(DATA UNDER STUDY):

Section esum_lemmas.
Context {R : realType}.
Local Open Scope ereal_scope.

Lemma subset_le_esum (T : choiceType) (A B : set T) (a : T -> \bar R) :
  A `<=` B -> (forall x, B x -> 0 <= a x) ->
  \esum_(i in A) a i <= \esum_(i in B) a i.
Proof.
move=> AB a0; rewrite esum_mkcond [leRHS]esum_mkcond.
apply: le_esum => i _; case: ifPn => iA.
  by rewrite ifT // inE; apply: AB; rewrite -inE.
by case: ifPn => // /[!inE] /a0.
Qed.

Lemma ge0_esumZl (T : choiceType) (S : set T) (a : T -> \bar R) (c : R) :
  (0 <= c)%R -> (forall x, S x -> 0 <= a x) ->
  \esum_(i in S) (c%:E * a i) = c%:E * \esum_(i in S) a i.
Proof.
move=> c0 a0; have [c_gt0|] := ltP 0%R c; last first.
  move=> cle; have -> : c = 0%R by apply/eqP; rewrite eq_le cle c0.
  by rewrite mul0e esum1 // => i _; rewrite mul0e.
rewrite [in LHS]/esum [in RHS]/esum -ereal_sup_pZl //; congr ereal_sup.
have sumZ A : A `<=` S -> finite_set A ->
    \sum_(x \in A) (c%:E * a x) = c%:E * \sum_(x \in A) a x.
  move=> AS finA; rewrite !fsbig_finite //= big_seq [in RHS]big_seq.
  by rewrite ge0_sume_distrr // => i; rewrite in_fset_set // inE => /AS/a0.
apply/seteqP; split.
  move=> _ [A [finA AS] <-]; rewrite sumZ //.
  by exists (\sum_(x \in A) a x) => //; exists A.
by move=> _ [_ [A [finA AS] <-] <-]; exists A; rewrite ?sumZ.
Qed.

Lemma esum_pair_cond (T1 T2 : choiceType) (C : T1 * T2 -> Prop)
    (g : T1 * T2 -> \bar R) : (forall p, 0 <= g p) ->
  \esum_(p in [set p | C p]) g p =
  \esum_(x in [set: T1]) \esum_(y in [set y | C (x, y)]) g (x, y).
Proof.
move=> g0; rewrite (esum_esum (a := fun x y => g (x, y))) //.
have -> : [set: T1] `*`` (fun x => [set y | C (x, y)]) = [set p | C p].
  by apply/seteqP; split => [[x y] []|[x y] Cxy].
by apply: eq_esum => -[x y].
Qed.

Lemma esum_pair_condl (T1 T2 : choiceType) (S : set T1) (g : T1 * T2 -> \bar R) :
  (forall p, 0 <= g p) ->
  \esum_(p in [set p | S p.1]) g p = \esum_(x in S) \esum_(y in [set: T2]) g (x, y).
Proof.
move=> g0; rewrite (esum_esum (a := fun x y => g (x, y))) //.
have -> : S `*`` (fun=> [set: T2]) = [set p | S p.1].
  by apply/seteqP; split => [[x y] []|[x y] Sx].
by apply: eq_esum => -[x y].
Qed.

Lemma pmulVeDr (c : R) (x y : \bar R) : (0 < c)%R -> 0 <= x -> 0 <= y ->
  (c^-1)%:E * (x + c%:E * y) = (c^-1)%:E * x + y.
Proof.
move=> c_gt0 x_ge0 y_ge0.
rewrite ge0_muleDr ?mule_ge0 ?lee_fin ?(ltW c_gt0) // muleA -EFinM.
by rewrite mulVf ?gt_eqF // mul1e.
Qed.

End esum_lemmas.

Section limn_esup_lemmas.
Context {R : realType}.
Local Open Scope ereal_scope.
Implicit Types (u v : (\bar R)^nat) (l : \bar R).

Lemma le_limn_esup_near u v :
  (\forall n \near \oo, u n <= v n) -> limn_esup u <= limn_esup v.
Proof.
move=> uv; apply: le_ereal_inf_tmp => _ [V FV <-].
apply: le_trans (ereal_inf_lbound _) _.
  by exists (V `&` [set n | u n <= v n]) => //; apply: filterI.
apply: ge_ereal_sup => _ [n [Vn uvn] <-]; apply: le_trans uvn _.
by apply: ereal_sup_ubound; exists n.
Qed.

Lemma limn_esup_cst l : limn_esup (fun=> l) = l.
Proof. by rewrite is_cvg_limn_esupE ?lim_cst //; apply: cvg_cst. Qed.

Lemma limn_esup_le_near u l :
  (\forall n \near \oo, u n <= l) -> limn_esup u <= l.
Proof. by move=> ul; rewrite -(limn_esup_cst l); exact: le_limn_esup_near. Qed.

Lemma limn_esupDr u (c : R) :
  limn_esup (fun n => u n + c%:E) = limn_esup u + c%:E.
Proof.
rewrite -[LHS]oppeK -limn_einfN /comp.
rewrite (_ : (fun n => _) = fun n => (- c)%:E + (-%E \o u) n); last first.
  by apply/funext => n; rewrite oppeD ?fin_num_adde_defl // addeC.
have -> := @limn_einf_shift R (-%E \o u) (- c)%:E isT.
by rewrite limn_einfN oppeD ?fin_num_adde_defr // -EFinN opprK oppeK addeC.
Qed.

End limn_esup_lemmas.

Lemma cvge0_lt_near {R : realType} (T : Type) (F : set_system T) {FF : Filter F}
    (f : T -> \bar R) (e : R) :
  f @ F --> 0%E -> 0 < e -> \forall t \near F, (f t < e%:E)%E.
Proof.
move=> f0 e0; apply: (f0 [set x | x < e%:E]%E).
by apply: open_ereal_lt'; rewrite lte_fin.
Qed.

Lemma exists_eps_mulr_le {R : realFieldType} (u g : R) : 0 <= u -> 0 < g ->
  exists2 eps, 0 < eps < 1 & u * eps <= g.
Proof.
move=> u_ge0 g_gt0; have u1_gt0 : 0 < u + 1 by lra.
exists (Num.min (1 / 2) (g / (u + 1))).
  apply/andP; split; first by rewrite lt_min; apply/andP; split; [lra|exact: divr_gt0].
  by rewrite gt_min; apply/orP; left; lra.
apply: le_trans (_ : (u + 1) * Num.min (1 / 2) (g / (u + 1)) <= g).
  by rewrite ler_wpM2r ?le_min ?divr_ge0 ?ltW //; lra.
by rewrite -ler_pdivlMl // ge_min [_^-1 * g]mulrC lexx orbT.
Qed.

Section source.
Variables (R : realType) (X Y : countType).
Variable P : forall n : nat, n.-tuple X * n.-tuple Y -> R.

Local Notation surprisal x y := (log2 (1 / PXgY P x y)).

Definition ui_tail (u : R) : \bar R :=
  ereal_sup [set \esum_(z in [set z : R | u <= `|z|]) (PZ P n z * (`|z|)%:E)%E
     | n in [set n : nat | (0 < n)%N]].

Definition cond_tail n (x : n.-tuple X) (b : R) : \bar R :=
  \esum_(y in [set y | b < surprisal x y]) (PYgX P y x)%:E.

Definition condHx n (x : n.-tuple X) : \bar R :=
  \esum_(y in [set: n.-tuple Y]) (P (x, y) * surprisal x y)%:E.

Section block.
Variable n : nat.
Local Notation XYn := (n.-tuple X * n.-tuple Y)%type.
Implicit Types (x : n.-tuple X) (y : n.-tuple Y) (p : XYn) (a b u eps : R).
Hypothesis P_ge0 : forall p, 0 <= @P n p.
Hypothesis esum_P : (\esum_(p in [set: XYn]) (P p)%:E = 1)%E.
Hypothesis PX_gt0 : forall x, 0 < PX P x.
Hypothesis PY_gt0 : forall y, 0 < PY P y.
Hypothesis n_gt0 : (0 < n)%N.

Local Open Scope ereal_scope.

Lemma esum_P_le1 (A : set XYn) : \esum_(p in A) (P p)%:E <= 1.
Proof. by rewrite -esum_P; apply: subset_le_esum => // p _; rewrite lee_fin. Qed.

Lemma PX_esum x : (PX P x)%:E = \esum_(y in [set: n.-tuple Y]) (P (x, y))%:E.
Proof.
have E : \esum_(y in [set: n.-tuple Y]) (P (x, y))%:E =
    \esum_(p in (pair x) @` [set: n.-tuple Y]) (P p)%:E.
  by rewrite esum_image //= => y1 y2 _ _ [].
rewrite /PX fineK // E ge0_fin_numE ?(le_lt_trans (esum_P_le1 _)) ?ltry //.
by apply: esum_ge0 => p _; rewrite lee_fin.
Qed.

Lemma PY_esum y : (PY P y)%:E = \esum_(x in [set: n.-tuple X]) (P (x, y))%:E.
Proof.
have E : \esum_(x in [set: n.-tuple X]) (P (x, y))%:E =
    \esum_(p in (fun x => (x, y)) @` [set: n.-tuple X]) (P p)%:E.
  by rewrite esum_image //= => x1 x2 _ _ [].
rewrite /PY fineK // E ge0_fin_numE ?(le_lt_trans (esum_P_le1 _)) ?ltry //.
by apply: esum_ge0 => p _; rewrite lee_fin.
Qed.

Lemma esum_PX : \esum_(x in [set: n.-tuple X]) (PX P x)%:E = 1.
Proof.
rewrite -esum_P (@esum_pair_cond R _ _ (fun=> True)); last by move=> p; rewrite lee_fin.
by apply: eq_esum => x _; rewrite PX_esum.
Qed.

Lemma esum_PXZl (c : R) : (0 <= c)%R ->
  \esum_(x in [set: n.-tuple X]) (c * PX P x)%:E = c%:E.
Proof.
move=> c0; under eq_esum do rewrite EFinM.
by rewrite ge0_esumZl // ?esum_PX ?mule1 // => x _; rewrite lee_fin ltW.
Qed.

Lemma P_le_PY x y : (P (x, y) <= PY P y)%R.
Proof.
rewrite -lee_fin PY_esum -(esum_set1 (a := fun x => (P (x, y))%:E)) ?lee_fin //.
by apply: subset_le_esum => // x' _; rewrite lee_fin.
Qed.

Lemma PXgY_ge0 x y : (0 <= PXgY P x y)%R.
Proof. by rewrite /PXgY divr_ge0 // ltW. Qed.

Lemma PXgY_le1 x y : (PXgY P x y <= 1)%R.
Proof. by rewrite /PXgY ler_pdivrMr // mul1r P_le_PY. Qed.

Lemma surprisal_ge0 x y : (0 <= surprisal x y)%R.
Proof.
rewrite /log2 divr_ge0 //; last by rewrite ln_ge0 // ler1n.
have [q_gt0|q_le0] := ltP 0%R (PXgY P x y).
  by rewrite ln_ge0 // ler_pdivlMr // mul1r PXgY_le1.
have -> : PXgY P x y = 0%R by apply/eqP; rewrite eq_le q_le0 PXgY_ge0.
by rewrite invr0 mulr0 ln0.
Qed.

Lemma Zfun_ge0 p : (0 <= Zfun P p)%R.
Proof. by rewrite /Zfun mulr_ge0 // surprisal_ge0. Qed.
* * *
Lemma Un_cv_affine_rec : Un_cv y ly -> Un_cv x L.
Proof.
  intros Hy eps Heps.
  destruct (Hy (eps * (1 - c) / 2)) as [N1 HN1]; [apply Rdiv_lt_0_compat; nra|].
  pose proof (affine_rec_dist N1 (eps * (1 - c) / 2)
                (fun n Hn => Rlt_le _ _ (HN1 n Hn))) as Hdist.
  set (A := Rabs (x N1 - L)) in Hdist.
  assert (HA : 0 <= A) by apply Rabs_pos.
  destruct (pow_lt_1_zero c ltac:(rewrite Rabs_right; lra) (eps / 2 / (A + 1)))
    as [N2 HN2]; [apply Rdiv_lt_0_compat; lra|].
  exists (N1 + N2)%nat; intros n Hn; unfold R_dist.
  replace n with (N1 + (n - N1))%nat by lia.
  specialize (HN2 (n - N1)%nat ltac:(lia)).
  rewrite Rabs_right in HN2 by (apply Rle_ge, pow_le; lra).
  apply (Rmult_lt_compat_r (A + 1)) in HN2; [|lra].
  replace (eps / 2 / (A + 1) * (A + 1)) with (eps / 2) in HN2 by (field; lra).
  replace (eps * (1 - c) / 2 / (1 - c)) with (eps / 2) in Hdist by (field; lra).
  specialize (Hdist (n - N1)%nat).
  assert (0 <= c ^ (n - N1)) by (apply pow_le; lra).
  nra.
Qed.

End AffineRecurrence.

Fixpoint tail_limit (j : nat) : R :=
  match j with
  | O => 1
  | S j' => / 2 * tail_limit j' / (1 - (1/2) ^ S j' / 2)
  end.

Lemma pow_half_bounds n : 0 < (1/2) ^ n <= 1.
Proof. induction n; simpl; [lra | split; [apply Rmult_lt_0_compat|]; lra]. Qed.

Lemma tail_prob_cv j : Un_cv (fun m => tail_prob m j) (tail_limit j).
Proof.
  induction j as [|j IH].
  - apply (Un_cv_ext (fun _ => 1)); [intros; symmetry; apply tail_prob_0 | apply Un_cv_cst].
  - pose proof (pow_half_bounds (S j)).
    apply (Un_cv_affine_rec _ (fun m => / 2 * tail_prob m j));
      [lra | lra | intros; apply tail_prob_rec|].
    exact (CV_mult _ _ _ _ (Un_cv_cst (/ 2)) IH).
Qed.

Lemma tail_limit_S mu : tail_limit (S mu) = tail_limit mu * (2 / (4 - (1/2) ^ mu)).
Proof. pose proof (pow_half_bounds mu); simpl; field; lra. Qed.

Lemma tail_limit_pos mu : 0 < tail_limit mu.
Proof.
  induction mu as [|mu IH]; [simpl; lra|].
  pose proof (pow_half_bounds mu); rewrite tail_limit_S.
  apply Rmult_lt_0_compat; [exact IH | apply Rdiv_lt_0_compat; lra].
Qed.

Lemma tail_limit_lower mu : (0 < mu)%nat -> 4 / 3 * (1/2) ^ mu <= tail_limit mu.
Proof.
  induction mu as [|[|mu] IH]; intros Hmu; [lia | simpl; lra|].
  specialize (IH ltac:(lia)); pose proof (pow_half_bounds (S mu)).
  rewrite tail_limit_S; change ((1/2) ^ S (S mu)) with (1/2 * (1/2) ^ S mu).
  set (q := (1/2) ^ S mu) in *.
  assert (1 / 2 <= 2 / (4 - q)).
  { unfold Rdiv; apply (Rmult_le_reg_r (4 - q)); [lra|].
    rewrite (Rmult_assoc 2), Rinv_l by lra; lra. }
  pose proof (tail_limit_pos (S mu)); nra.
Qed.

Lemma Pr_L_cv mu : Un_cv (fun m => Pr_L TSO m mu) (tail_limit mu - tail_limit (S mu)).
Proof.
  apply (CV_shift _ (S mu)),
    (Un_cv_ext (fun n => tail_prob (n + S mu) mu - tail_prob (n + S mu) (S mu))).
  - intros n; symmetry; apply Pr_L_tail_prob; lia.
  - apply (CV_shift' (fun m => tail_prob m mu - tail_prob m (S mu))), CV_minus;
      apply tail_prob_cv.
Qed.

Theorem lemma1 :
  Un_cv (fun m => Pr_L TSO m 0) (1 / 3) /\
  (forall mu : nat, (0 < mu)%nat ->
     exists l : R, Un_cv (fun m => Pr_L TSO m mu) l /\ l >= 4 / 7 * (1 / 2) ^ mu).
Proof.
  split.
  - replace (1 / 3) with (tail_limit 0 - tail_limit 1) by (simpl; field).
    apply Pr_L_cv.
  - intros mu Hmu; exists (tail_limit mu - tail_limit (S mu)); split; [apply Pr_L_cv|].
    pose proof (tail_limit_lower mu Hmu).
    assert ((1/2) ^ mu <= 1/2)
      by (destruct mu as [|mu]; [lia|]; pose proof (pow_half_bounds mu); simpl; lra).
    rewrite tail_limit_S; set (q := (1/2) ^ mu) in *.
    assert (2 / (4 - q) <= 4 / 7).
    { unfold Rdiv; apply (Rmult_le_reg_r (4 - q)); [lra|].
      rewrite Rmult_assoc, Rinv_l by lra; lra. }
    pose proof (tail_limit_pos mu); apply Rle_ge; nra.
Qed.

(ACTION ITEM): Copy each line of the entries that includes the word "split".

(RESULT BELOW):
apply/seteqP; split.
  by apply/seteqP; split => [[x y] []|[x y] Cxy].
  by apply/seteqP; split => [[x y] []|[x y] Sx].
  apply/andP; split; first by rewrite lt_min; apply/andP; split; [lra|exact: divr_gt0].
Proof. induction n; simpl; [lra | split; [apply Rmult_lt_0_compat|]; lra]. Qed.
  split.
  - intros mu Hmu; exists (tail_limit mu - tail_limit (S mu)); split; [apply Pr_L_cv|].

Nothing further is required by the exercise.